Notes co-author Naomi Wray, a University of Queensland psychiatric geneticist: “This study validates predictions that collecting larger sample sizes would allow identification of more genetic variants associated with schizophrenia. It can be easy to forget, but this was doubted by some when the first GWAS for schizophrenia were published about five years ago. About 3000 cases identified only one associated locus.”
Adds Wray: “This validation is important, providing clear direction for the study of other psychiatric disorders. The effort required in bringing together larger samples with genome-wide genotype data will bear fruit. Identification of genetic risk loci by studying complexity of human genetic variation has been a long time in coming, but is critical for dissecting the complexity of human disease. The identification of 22 genomic loci associated with schizophrenia has pushed a larger wedge in the door to help prise open new insights into the causal mechanisms. The functional follow-up of these loci is still a mountain to climb, but base camp has been located.”
Wrote University Hospital Basel Medical Genetics Director Sven Cichon, at the Schizophrenia Research Forum: “One important message is that increasing the GWAS sample size in a complex neuropsychiatric phenotype such as schizophrenia identifies more common risk loci. In the first-wave schizophrenia mega-analysis two years ago, five risk loci of genomewide significance were detected.” Now, as noted, there are 22.

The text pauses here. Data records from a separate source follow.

Lemma stable_act X : \tr X = 0 -> stablemx S (act X).
Proof.
have stableZ a M : stablemx S M -> stablemx S (a *: M).
  by move=> SM; rewrite -scalemxAr scalemx_sub.
have [Se1 Se2] : stablemx S e1 /\ stablemx S e2.
  by split; apply: below_mul_sub => j _; [apply: layer_e1 | apply: layer_e2].
have [Sh1 Sh2] : stablemx S h1 /\ stablemx S h2.
  by split; apply: below_mul_sub => j _; [apply: layer_h1 | apply: layer_h2].
have Sbr M N : stablemx S M -> stablemx S N -> stablemx S (M *m N - N *m M).
  by move=> SM SN; rewrite stablemxD ?stablemxN ?stablemxM.
have Se3 : stablemx S e3 by rewrite -br_e2_e1; apply: Sbr.
have Sf3 : stablemx S f3 by rewrite -br_f1_f2; apply: Sbr; [apply: stable_f1 | apply: stable_f2].
move=> trX; rewrite act_traceless //.
by rewrite !stablemxD ?stableZ ?stable_f1 ?stable_f2.
Qed.

Lemma below_full : row_full S.
Proof.
case: (hwv) => w_neq0 _; case: rho_irr => _ /(_ S stable_act) [|rank_S]; last exact/eqP.
move/eqP; rewrite mxrank_eq0 => /eqP S0; move: (layer_sub_S 0).
by rewrite /= genmxE S0 submx0 trmx_eq0 (negbTE w_neq0).
Qed.

End StableSum.

Fixpoint t_annihilator k : 'M[C]_d :=
  if k is k'.+1 then (t - (tval k')%:M) *m t_annihilator k' else 1%:M.

Lemma layer_annihilated K i : (i < K)%N -> layer i *m t_annihilator K = 0.
Proof.
have layer_t j : layer j *m t = tval j *: layer j by apply/eigenspaceP; apply: layer_eigen.
elim: K i => // K IH i; rewrite ltnS leq_eqVlt => /orP[/eqP -> | lt_iK] /=;
  rewrite mulmxA mulmxBr mul_mx_scalar layer_t; first by rewrite subrr mul0mx.
by rewrite -scalerBl -scalemxAl IH // scaler0.
Qed.

Lemma eigen_annihilator r (u : 'rV[C]_d) : u *m t = r *: u ->
  forall K, u *m t_annihilator K = (\prod_(i < K) (r - tval i)) *: u.
Proof.
move=> ut; elim=> [|K IH] /=; first by rewrite big_ord0 scale1r mulmx1.
rewrite mulmxA mulmxBr mul_mx_scalar ut -scalerBl -scalemxAl IH scalerA.
by rewrite big_ord_recr /= mulrC.
Qed.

He added that the genes singled out by Sullivan – CACNA1C and CACNB2 —are relevant to bipolar disorder. “There is growing evidence calcium signaling is involved in both bipolar disorder and schizophrenia. Calcium signaling is a crucial neuronal process and relevant in a number of human diseases, as the authors nicely review. Importantly, calcium channel complexes may be useful for clinical translation, e.g., as drug targets.”
Agrees Smoller: “One of the most exciting messages from this work is that, as larger studies identify a growing catalogue of risk variants, the biological pathways that underlie disease come into focus. This study provides compelling evidence that genes involved in neuronal calcium signaling are important in the etiology of schizophrenia. That's exciting. It supports a growing body of research implicating this biological pathway in a range of psychiatric disorders, including bipolar disorder, depression, and autism. Identifying specific biological pathways, not just individual genes, opens windows we can use to peer into the neurobiology of the disorder. Second, this pathway provides clear possibilities for clinical translation: drugs targeting this pathway, including some already available, may give us novel treatments. That's a really hopeful development. Our current treatments are all based on a small set of targets, and have significant limitations.”